Talent segmentation is a practical and simple way for you to introduce a greater degree of differentiation into your talent processes. Specifically, it can help you:

  • choose who to focus on (key value-generating talent) and to create definitions for these different populations of talent
  • really understand what the talented individuals within each population want from their relationship with your organisation.
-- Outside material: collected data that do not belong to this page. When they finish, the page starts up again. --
(* Fix $P_1,P_2,N_2,N_3>0$ and let $R^{\rm lo}_G(Q)$ denote the lower bound of Theorem 5 as a function of the state variance $Q$, i.e. $$R^{\rm lo}_G(Q)=\max\min\Big\{R(\alpha,\beta\bar\gamma P_1,\tilde Q,N_2+\gamma P_1),\ R(\alpha,\beta\bar\gamma P_1,\tilde Q,N_3+\gamma P_1)+\tfrac12\log\Big(1+\tfrac{(\sqrt{\bar\beta\bar\gamma P_1}+\sqrt{P_2})^2}{N_3+D+\gamma P_1+\beta\bar\gamma P_1}\Big)\Big\}$$ with $\bar\beta=1-\beta$, $\bar\gamma=1-\gamma$, $D=QN_2/(N_2+\gamma P_1)$, $\alpha_2=\frac{(\sqrt{\bar\beta\bar\gamma P_1}+\sqrt{P_2})^2}{(\sqrt{\bar\beta\bar\gamma P_1}+\sqrt{P_2})^2+\beta\bar\gamma P_1+N_3+D+\gamma P_1}$, $\tilde Q=\tilde Q_S(\alpha_2,Q,D)$, maximized over $\beta,\gamma\in[0,1]$ and $\alpha\in\mathcal A(\beta\bar\gamma P_1,\tilde Q,N_2+\gamma P_1)\cap\mathcal A(\beta\bar\gamma P_1,\tilde Q,N_3+\gamma P_1)$. Then $$\lim_{Q\to\infty}R^{\rm lo}_G(Q)=\frac12\log\Big(1+\frac{P_1}{\max(N_2,N_3)}\Big).$$
   Context: For nonnegative $t,D,P,Q,N$: $\tilde Q_S(t,Q,D):=(1-t)^2Q-t(t-2)D$, $R(\alpha,P,Q,N):=\frac12\log\Big(\frac{P(P+Q+N)}{PQ(1-\alpha)^2+N(P+\alpha^2Q)}\Big)$, and $\mathcal A(P,Q,N):=\{\alpha\in\mathbb R:R(\alpha,P,Q,N)\ge0\}$. Logarithms base 2. *)

From Stdlib Require Import Reals Lra.
Open Scope R_scope.

Definition log2 (x : R) : R := ln x / ln 2.

Definition QtS (t Q D : R) : R := (1 - t) ^ 2 * Q - t * (t - 2) * D.

Definition Rnum (P Q N : R) : R := P * (P + Q + N).
Definition Rden (alpha P Q N : R) : R :=
  P * Q * (1 - alpha) ^ 2 + N * (P + alpha ^ 2 * Q).

Definition Rrate (alpha P Q N : R) : R :=
  / 2 * log2 (Rnum P Q N / Rden alpha P Q N).

(* alpha \in A(P,Q,N) : R(alpha,P,Q,N) >= 0, where R is required to be a
   genuine real number (argument of the log finite and positive); when the
   argument is 0 (e.g. P = 0) R = -infinity and alpha is not in A. *)
Definition inA (alpha P Q N : R) : Prop :=
  0 < Rnum P Q N /\ 0 < Rden alpha P Q N /\ 0 <= Rrate alpha P Q N.

Definition loSet (P1 P2 N2 N3 Q : R) (r : R) : Prop :=
  exists beta gamma alpha : R,
    0 <= beta <= 1 /\ 0 <= gamma <= 1 /\
    let bbeta := 1 - beta in
    let bgamma := 1 - gamma in
    let D := Q * N2 / (N2 + gamma * P1) in
    let S := (sqrt (bbeta * bgamma * P1) + sqrt P2) ^ 2 in
    let alpha2 := S / (S + beta * bgamma * P1 + N3 + D + gamma * P1) in
    let Qt := QtS alpha2 Q D in
    let P := beta * bgamma * P1 in
    inA alpha P Qt (N2 + gamma * P1) /\
    inA alpha P Qt (N3 + gamma * P1) /\
    r = Rmin (Rrate alpha P Qt (N2 + gamma * P1))
             (Rrate alpha P Qt (N3 + gamma * P1)
              + / 2 * log2 (1 + S / (N3 + D + gamma * P1 + beta * bgamma * P1))).

From Stdlib Require Import Reals Lra Psatz ClassicalEpsilon.
From Coquelicot Require Import Rcomplements.
Open Scope R_scope.

(* Every rate R(alpha,P,Q,N) is at most the capacity 1/2 log(1 + P/N), since
   (P + N) * den - N * num = Q (P (1 - alpha) - N alpha)^2 >= 0.  With P <= P1 and
   N >= N2, resp. N >= N3, this bounds the first branch of the min by
   1/2 log(1 + P1/N2) and the second by 1/2 log(1 + P1/N3) plus the extra
   term, which is O(1/Q) because D >= Q N2/(N2 + P1).  Conversely beta = 1,
   gamma = 0, alpha = P1/(P1 + max(N2,N3)) is feasible and comes within
   1/2 log(1 + max(N2,N3)/Q) of 1/2 log(1 + P1/max(N2,N3)). *)

Definition capacity (P N : R) : R := / 2 * log2 (1 + P / N).

Lemma ln2_pos : 0 < ln 2.
Proof. pose proof ln_lt_2; lra. Qed.

Lemma Rdiv_le_cross a b c d : 0 < b -> 0 < d -> a * d <= c * b -> a / b <= c / d.
Proof.
  intros Hb Hd H. apply Rle_div_l; [lra|].
  replace (c / d * b) with (c * b / d) by (field; lra).
  apply Rle_div_r; lra.
Qed.

Lemma log2_le x y : 0 < x -> x <= y -> log2 x <= log2 y.
Proof.
  intros Hx Hxy. unfold log2, Rdiv. apply Rmult_le_compat_r.
  - left; apply Rinv_0_lt_compat, ln2_pos.
  - now apply ln_le.
Qed.

Lemma log2_1 : log2 1 = 0.
Proof. unfold log2. rewrite ln_1. apply Rdiv_0_l. Qed.

Lemma log2_div x y : 0 < x -> 0 < y -> log2 (x / y) = log2 x - log2 y.
Proof.
  intros Hx Hy. unfold log2. rewrite ln_div by assumption.
  pose proof ln2_pos. field. lra.
Qed.

Lemma log2_le_sub1 x : 0 < x -> log2 x <= (x - 1) / ln 2.
Proof.
  intros Hx. unfold log2, Rdiv. apply Rmult_le_compat_r.
  - left; apply Rinv_0_lt_compat, ln2_pos.
  - pose proof (exp_ineq1_le (ln x)) as H. rewrite exp_ln in H; lra.
Qed.

Lemma capacity_le P N P' N' :
  0 <= P -> 0 < N -> P / N <= P' / N' -> capacity P N <= capacity P' N'.
Proof.
  intros HP HN H. unfold capacity. apply Rmult_le_compat_l; [lra|].
  apply log2_le; [|lra].
  pose proof (Rdiv_le_0_compat P N HP HN). lra.
Qed.

Lemma capacity_le_compat P N P' N' :
  0 <= P <= P' -> 0 < N' <= N -> capacity P N <= capacity P' N'.
Proof.
  intros HP HN. apply capacity_le; [lra|lra|].
  unfold Rdiv. apply Rmult_le_compat; try lra.
  - left; apply Rinv_0_lt_compat; lra.
  - apply Rinv_le_contravar; lra.
Qed.

Lemma capacity_nonneg P N : 0 <= P -> 0 < N -> 0 <= capacity P N.
Proof.
  intros HP HN.
  replace 0 with (capacity 0 N) at 1
    by (unfold capacity; rewrite Rdiv_0_l, Rplus_0_r, log2_1; ring).
  apply capacity_le_compat; lra.
Qed.

Lemma capacity_le_snr P N : 0 <= P -> 0 < N -> capacity P N <= P / N / (2 * ln 2).
Proof.
  intros HP HN. pose proof (Rdiv_le_0_compat P N HP HN). pose proof ln2_pos.
  unfold capacity. eapply Rle_trans.
  - apply Rmult_le_compat_l; [lra|]. apply log2_le_sub1. lra.
  - right. field. lra.
Qed.

Lemma capacity_vanishes P eps : 0 <= P -> 0 < eps ->
  exists N0, 0 <= N0 /\ forall N, N0 < N -> capacity P N < eps.
Proof.
  intros HP Heps. pose proof ln2_pos.
  exists (P / (2 * ln 2 * eps)). split; [apply Rdiv_le_0_compat; nra|].
  intros N HN.
  assert (HN0 : 0 < N) by (pose proof (Rdiv_le_0_compat P (2 * ln 2 * eps) HP ltac:(nra)); lra).
  eapply Rle_lt_trans; [apply capacity_le_snr; assumption|].
  replace (P / N / (2 * ln 2)) with (P / (2 * ln 2 * eps) * eps / N) by (field; lra).
  apply Rlt_div_l; nra.
Qed.

Lemma Rden_pos a P Q N : 0 < P -> 0 < N -> 0 <= Q -> 0 < Rden a P Q N.
Proof.
  intros HP HN HQ. unfold Rden.
  assert (0 <= P * Q * (1 - a) ^ 2)
    by (apply Rmult_le_pos; [nra|apply pow2_ge_0]).
  assert (0 <= a ^ 2 * Q) by (apply Rmult_le_pos; [apply pow2_ge_0|lra]).
  assert (0 < N * (P + a ^ 2 * Q)) by (apply Rmult_lt_0_compat; lra).
  lra.
Qed.

Lemma Rrate_le_capacity a P Q N :
  inA a P Q N -> 0 < N -> 0 <= Q -> Rrate a P Q N <= capacity P N.
Proof.
  intros [Hnum [Hden _]] HN HQ. unfold Rrate, capacity.
  apply Rmult_le_compat_l; [lra|]. apply log2_le; [now apply Rdiv_lt_0_compat|].
  replace (1 + P / N) with ((P + N) / N) by (field; lra).
  apply Rdiv_le_cross; [assumption..|].
  assert (Hgap : (P + N) * Rden a P Q N - N * Rnum P Q N = Q * (P * (1 - a) - N * a) ^ 2)
    by (unfold Rden, Rnum; ring).
  assert (0 <= Q * (P * (1 - a) - N * a) ^ 2) by (apply Rmult_le_pos; [lra|apply pow2_ge_0]).
  lra.
Qed.

(* The coefficient [P / (P + M)] minimises [Rden _ P Q M]; it serves every noise level [N <= M] at once. *)
Lemma inA_at_weight P Q N M :
  0 < P -> 0 < N -> N <= M -> 0 <= Q -> inA (P / (P + M)) P Q N.
Proof.
  intros HP HN HNM HQ. set (a := P / (P + M)).
  assert (Hnum : 0 < Rnum P Q N) by (unfold Rnum; nra).
  assert (Hden := Rden_pos a P Q N HP HN HQ).
  split; [exact Hnum|split; [exact Hden|]].
  assert (Hgap : Rnum P Q N - Rden a P Q N = P ^ 2 + Q * a ^ 2 * (P + 2 * M - N))
    by (unfold Rnum, Rden, a; field; lra).
  assert (0 <= Q * a ^ 2 * (P + 2 * M - N))
    by (apply Rmult_le_pos; [apply Rmult_le_pos; [lra|apply pow2_ge_0]|lra]).
  unfold Rrate. apply Rmult_le_pos; [lra|]. rewrite <- log2_1.
  pose proof (pow2_ge_0 P).
  apply log2_le; [lra|]. apply Rle_div_r; lra.
Qed.

Lemma Rrate_at_weight_ge P Q N M :
  0 < P -> 0 < N -> N <= M -> 0 <= Q ->
  capacity P M - capacity M (P + Q) <= Rrate (P / (P + M)) P Q N.
Proof.
  intros HP HN HNM HQ. set (a := P / (P + M)).
  assert (Hden := Rden_pos a P Q N HP HN HQ).
  assert (HdenM : (P + M) * Rden a P Q N <= P * M * (P + Q + M)).
  { assert (Hopt : (P + M) * Rden a P Q M = P * M * (P + Q + M))
      by (unfold Rden, a; field; lra).
    assert (Rden a P Q N <= Rden a P Q M).
    { unfold Rden. pose proof (pow2_ge_0 a).
      assert (0 <= (M - N) * (P + a ^ 2 * Q)) by (apply Rmult_le_pos; nra). nra. }
    nra. }
  pose proof (Rdiv_lt_0_compat P M HP ltac:(lra)).
  pose proof (Rdiv_lt_0_compat M (P + Q) ltac:(lra) ltac:(lra)).
  unfold capacity, Rrate. rewrite <- Rmult_minus_distr_l, <- log2_div by lra.
  apply Rmult_le_compat_l; [lra|]. apply log2_le; [apply Rdiv_lt_0_compat; lra|].
  replace ((1 + P / M) / (1 + M / (P + Q))) with ((P + M) * (P + Q) / (M * (P + Q + M)))
    by (field; lra).
  apply Rdiv_le_cross; [nra|assumption|]. unfold Rnum.
  assert (0 <= P + Q) by lra.
  assert ((P + M) * (P + Q) * Rden a P Q N <= P * M * (P + Q + M) * (P + Q)) by nra.
  assert (0 <= P * M * (P + Q + M) * N)
    by (repeat apply Rmult_le_pos; lra).
  lra.
Qed.

Lemma QtS_nonneg t Q D : 0 <= t <= 2 -> 0 <= Q -> 0 <= D -> 0 <= QtS t Q D.
Proof.
  intros Ht HQ HD. unfold QtS.
  assert (0 <= (1 - t) ^ 2 * Q) by (apply Rmult_le_pos; [apply pow2_ge_0|lra]).
  assert (0 <= t * (2 - t) * D) by (apply Rmult_le_pos; [nra|lra]).
  nra.
Qed.

Lemma QtS_diag t Q : QtS t Q Q = Q.
Proof. unfold QtS; ring. Qed.

Lemma sqrt_plus_sq_le x y z : 0 <= x <= y ->
  (sqrt x + sqrt z) ^ 2 <= (sqrt y + sqrt z) ^ 2.
Proof.
  intros Hxy. pose proof (sqrt_pos x). pose proof (sqrt_pos z).
  assert (sqrt x <= sqrt y) by (apply sqrt_le_1_alt; lra).
  apply pow_incr. lra.
Qed.

Section LowerBoundRegion.

Variables P1 P2 N2 N3 : R.
Hypotheses (HP1 : 0 < P1) (HN2 : 0 < N2) (HN3 : 0 < N3).

Lemma loSet_le Q r : 0 < Q -> loSet P1 P2 N2 N3 Q r ->
  r <= capacity P1 (Rmax N2 N3)
       + capacity ((sqrt P1 + sqrt P2) ^ 2 * (N2 + P1) / N2) Q.
Proof.
  intros HQ [b [g [al [Hb [Hg H]]]]]. cbv zeta in H. destruct H as [HA2 [HA3 ->]].
  set (K := (sqrt P1 + sqrt P2) ^ 2 * (N2 + P1) / N2).
  set (P := b * (1 - g) * P1) in *.
  set (D := Q * N2 / (N2 + g * P1)) in *.
  set (S := (sqrt ((1 - b) * (1 - g) * P1) + sqrt P2) ^ 2) in *.
  set (Qt := QtS (S / (S + P + N3 + D + g * P1)) Q D) in *.
  set (den := N3 + D + g * P1 + P).
  assert (Hbg : 0 <= b * (1 - g) <= 1) by (split; nra).
  assert (HP : 0 <= P <= P1) by (unfold P; split; nra).
  assert (HgP1 : 0 <= g * P1 <= P1) by nra.
  assert (HDmin : Q * N2 / (N2 + P1) <= D).
  { unfold D, Rdiv. apply Rmult_le_compat_l; [nra|].
    apply Rinv_le_contravar; lra. }
  assert (HDmin0 : 0 < Q * N2 / (N2 + P1)) by (apply Rdiv_lt_0_compat; nra).
  assert (HS : 0 <= S <= (sqrt P1 + sqrt P2) ^ 2).
  { split; [apply pow2_ge_0|]. apply sqrt_plus_sq_le. split; [|nra].
    apply Rmult_le_pos; [|lra]. nra. }
  assert (HQt : 0 <= Qt).
  { apply QtS_nonneg; [|lra|lra]. split.
    - apply Rdiv_le_0_compat; lra.
    - assert (S / (S + P + N3 + D + g * P1) <= 1) by (apply Rle_div_l; lra). lra. }
  assert (Hr2 : Rrate al P Qt (N2 + g * P1) <= capacity P1 N2).
  { eapply Rle_trans; [apply Rrate_le_capacity; [assumption|lra|assumption]|].
    apply capacity_le_compat; lra. }
  assert (Hr3 : Rrate al P Qt (N3 + g * P1) <= capacity P1 N3).
  { eapply Rle_trans; [apply Rrate_le_capacity; [assumption|lra|assumption]|].
    apply capacity_le_compat; lra. }
  assert (Hextra : capacity S den <= capacity K Q).
  { apply capacity_le; [lra|unfold den; lra|].
    replace (K / Q) with ((sqrt P1 + sqrt P2) ^ 2 / (Q * N2 / (N2 + P1)))
      by (unfold K; field; lra).
    unfold Rdiv at 1 2. apply Rmult_le_compat; try lra.
    - left; apply Rinv_0_lt_compat; unfold den; lra.
    - apply Rinv_le_contravar; unfold den; lra. }
  assert (HK : 0 <= capacity K Q).
  { apply capacity_nonneg; [|lra]. unfold K.
    apply Rdiv_le_0_compat; [apply Rmult_le_pos; [apply pow2_ge_0|]|]; lra. }
  fold den. unfold capacity at 1 in Hextra.
  destruct (Rle_dec N2 N3) as [H23|H32].
  - rewrite Rmax_right by lra. eapply Rle_trans; [apply Rmin_r|]. lra.
  - rewrite Rmax_left by lra. eapply Rle_trans; [apply Rmin_l|]. lra.
Qed.

(* With [beta = 1] and [gamma = 0] we get [D = Q], hence [Qt = Q] whatever [alpha2] is. *)
Lemma loSet_witness Q : 0 < Q ->
  exists r, loSet P1 P2 N2 N3 Q r /\
            capacity P1 (Rmax N2 N3) - capacity (Rmax N2 N3) Q <= r.
Proof.
  intros HQ. set (M := Rmax N2 N3).
  assert (HM2 : N2 <= M) by apply Rmax_l. assert (HM3 : N3 <= M) by apply Rmax_r.
  assert (HQ0 : 0 <= Q) by lra.
  assert (Hloss : capacity M (P1 + Q) <= capacity M Q)
    by (apply capacity_le_compat; lra).
  eexists. split.
  - exists 1, 0, (P1 / (P1 + M)). do 2 (split; [lra|]). cbv zeta.
    replace (Q * N2 / (N2 + 0 * P1)) with Q by (field; lra).
    replace (1 * (1 - 0) * P1) with P1 by ring.
    rewrite !Rmult_0_l, !Rplus_0_r, QtS_diag.
    split; [apply inA_at_weight; lra|]. split; [apply inA_at_weight; lra|].
    reflexivity.
  - pose proof (Rrate_at_weight_ge P1 Q N2 M HP1 HN2 HM2 HQ0).
    pose proof (Rrate_at_weight_ge P1 Q N3 M HP1 HN3 HM3 HQ0).
    apply Rmin_glb; [lra|].
    match goal with |- context [/ 2 * log2 (1 + ?S / ?den)] =>
      change (/ 2 * log2 (1 + S / den)) with (capacity S den);
      pose proof (capacity_nonneg S den ltac:(apply pow2_ge_0) ltac:(lra))
    end.
    lra.
Qed.

End LowerBoundRegion.

(* Total: an arbitrary value when [E] has no least upper bound. *)
Definition lub (E : R -> Prop) : R := epsilon (inhabits 0) (is_lub E).

Lemma lub_is_lub E : bound E -> (exists x, E x) -> is_lub E (lub E).
Proof.
  intros Hb Hne. unfold lub. apply epsilon_spec.
  destruct (completeness E Hb Hne) as [m Hm]. now exists m.
Qed.

Lemma is_lub_dist_le E s L e : is_lub E s ->
  (forall r, E r -> r <= L + e) -> (exists r, E r /\ L - e <= r) ->
  Rabs (s - L) <= e.
Proof.
  intros [Hub Hleast] Hup [r [Hr Hlow]].
  pose proof (Hub r Hr). pose proof (Hleast (L + e) Hup).
  apply Rabs_le; lra.
Qed.

Theorem mainTheorem9 (P1 P2 N2 N3 : R) :
  0 < P1 -> 0 < P2 -> 0 < N2 -> 0 < N3 ->
  exists RloG : R -> R,
    (forall Q : R, 0 < Q -> is_lub (loSet P1 P2 N2 N3 Q) (RloG Q)) /\
    (forall eps : R, 0 < eps -> exists M : R, forall Q : R, M < Q ->
       Rabs (RloG Q - / 2 * log2 (1 + P1 / Rmax N2 N3)) < eps).
Proof.
  intros HP1 _ HN2 HN3.
  pose proof (loSet_le P1 P2 N2 N3 HP1 HN2 HN3) as Hupper.
  pose proof (loSet_witness P1 P2 N2 N3 HP1 HN2 HN3) as Hwitness.
  set (M := Rmax N2 N3) in *. set (K := (sqrt P1 + sqrt P2) ^ 2 * (N2 + P1) / N2) in *.
  assert (HM : 0 < M) by (pose proof (Rmax_l N2 N3); unfold M; lra).
  assert (HK : 0 <= K)
    by (apply Rdiv_le_0_compat; [apply Rmult_le_pos; [apply pow2_ge_0|]|]; lra).
  assert (Hlub : forall Q, 0 < Q -> is_lub (loSet P1 P2 N2 N3 Q) (lub (loSet P1 P2 N2 N3 Q))).
  { intros Q HQ. apply lub_is_lub.
    - exists (capacity P1 M + capacity K Q). intros r. now apply Hupper.
    - destruct (Hwitness Q HQ) as [r [Hr _]]. now exists r. }
  exists (fun Q => lub (loSet P1 P2 N2 N3 Q)). split; [exact Hlub|].
  intros eps Heps.
  destruct (capacity_vanishes (K + M) eps ltac:(lra) Heps) as [Q0 [HQ0 Hsmall]].
  exists Q0. intros Q HQ. change (/ 2 * log2 (1 + P1 / M)) with (capacity P1 M).
  apply Rle_lt_trans with (capacity (K + M) Q); [|now apply Hsmall].
  apply (is_lub_dist_le (loSet P1 P2 N2 N3 Q)); [apply Hlub; lra| |].
  - intros r Hr. pose proof (Hupper Q r ltac:(lra) Hr).
    pose proof (capacity_le_compat K Q (K + M) Q ltac:(lra) ltac:(lra)). lra.
  - destruct (Hwitness Q ltac:(lra)) as [r [Hr Hlow]]. exists r. split; [exact Hr|].
    pose proof (capacity_le_compat M Q (K + M) Q ltac:(lra) ltac:(lra)). lra.
Qed.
We break the talent segmentation process into six key steps.

Step 1: Focus

Your talent management processes should be informed by your strategic direction. So your organisation needs to be clear on its source of competitive advantage and what the current market conditions are. Being clear about how you compete as an organisation, eg on service, product or operational excellence, and understanding whether or not your current market conditions are steady, volatile or even game changing, will help you identify the type(s) of talent that will make the most difference to your organisation.

Step 2: Define

Moving away from the assumption that talent is just about leadership, the next step is to look at the type(s) of talent that will enable your organisation to deliver value in the future. This means prioritising the various capabilities the organisation will require. While leadership talent will be needed in all contexts, other types will be specific to your source of competitive advantage and market conditions.

Step 3: Refresh

Having worked out the type of talent that really drives success, develop the processes and tools to identify these individuals among the employee population. Approaches such as the nine-box grid often focus primarily on ‘future leadership talent’ and sideline the important conversations about what’s going to be done to engage and develop the most valued individuals. Taking a differentiated approach to talent management means you consider not just performance and potential, but also who the value generators are and the actions to take with each type of talent.

Step 4: Group

Once you have established your definitions of talent and identified the people who meet the criteria, you should get to know them and find out what they want from their relationship with the organisation. Our research led to us identifying six ‘talent interest groups’, each with shared needs and wants. Identifying the six talent interest groups in your organisation will allow you to get to the root of what talent wants and create a more tailored value proposition.

Step 5: Align

Once individuals are assigned to talent interest groups, the next step is to align the EVP with their interests. For instance, tailoring the compensation, benefits, development and working environment these individuals receive, based on the talent interest groups they’re in. In addition, you’ll need to know the current challenges your talented individuals face and consider the future when you think about the type of experience you want to create for them.

Step 6: Accelerate

We’ve found organisations that have programmes to accelerate the development of talented individuals see a clear return on investment for their efforts – a total shareholder return up to 25% higher than organisations that don’t have such programmes in place.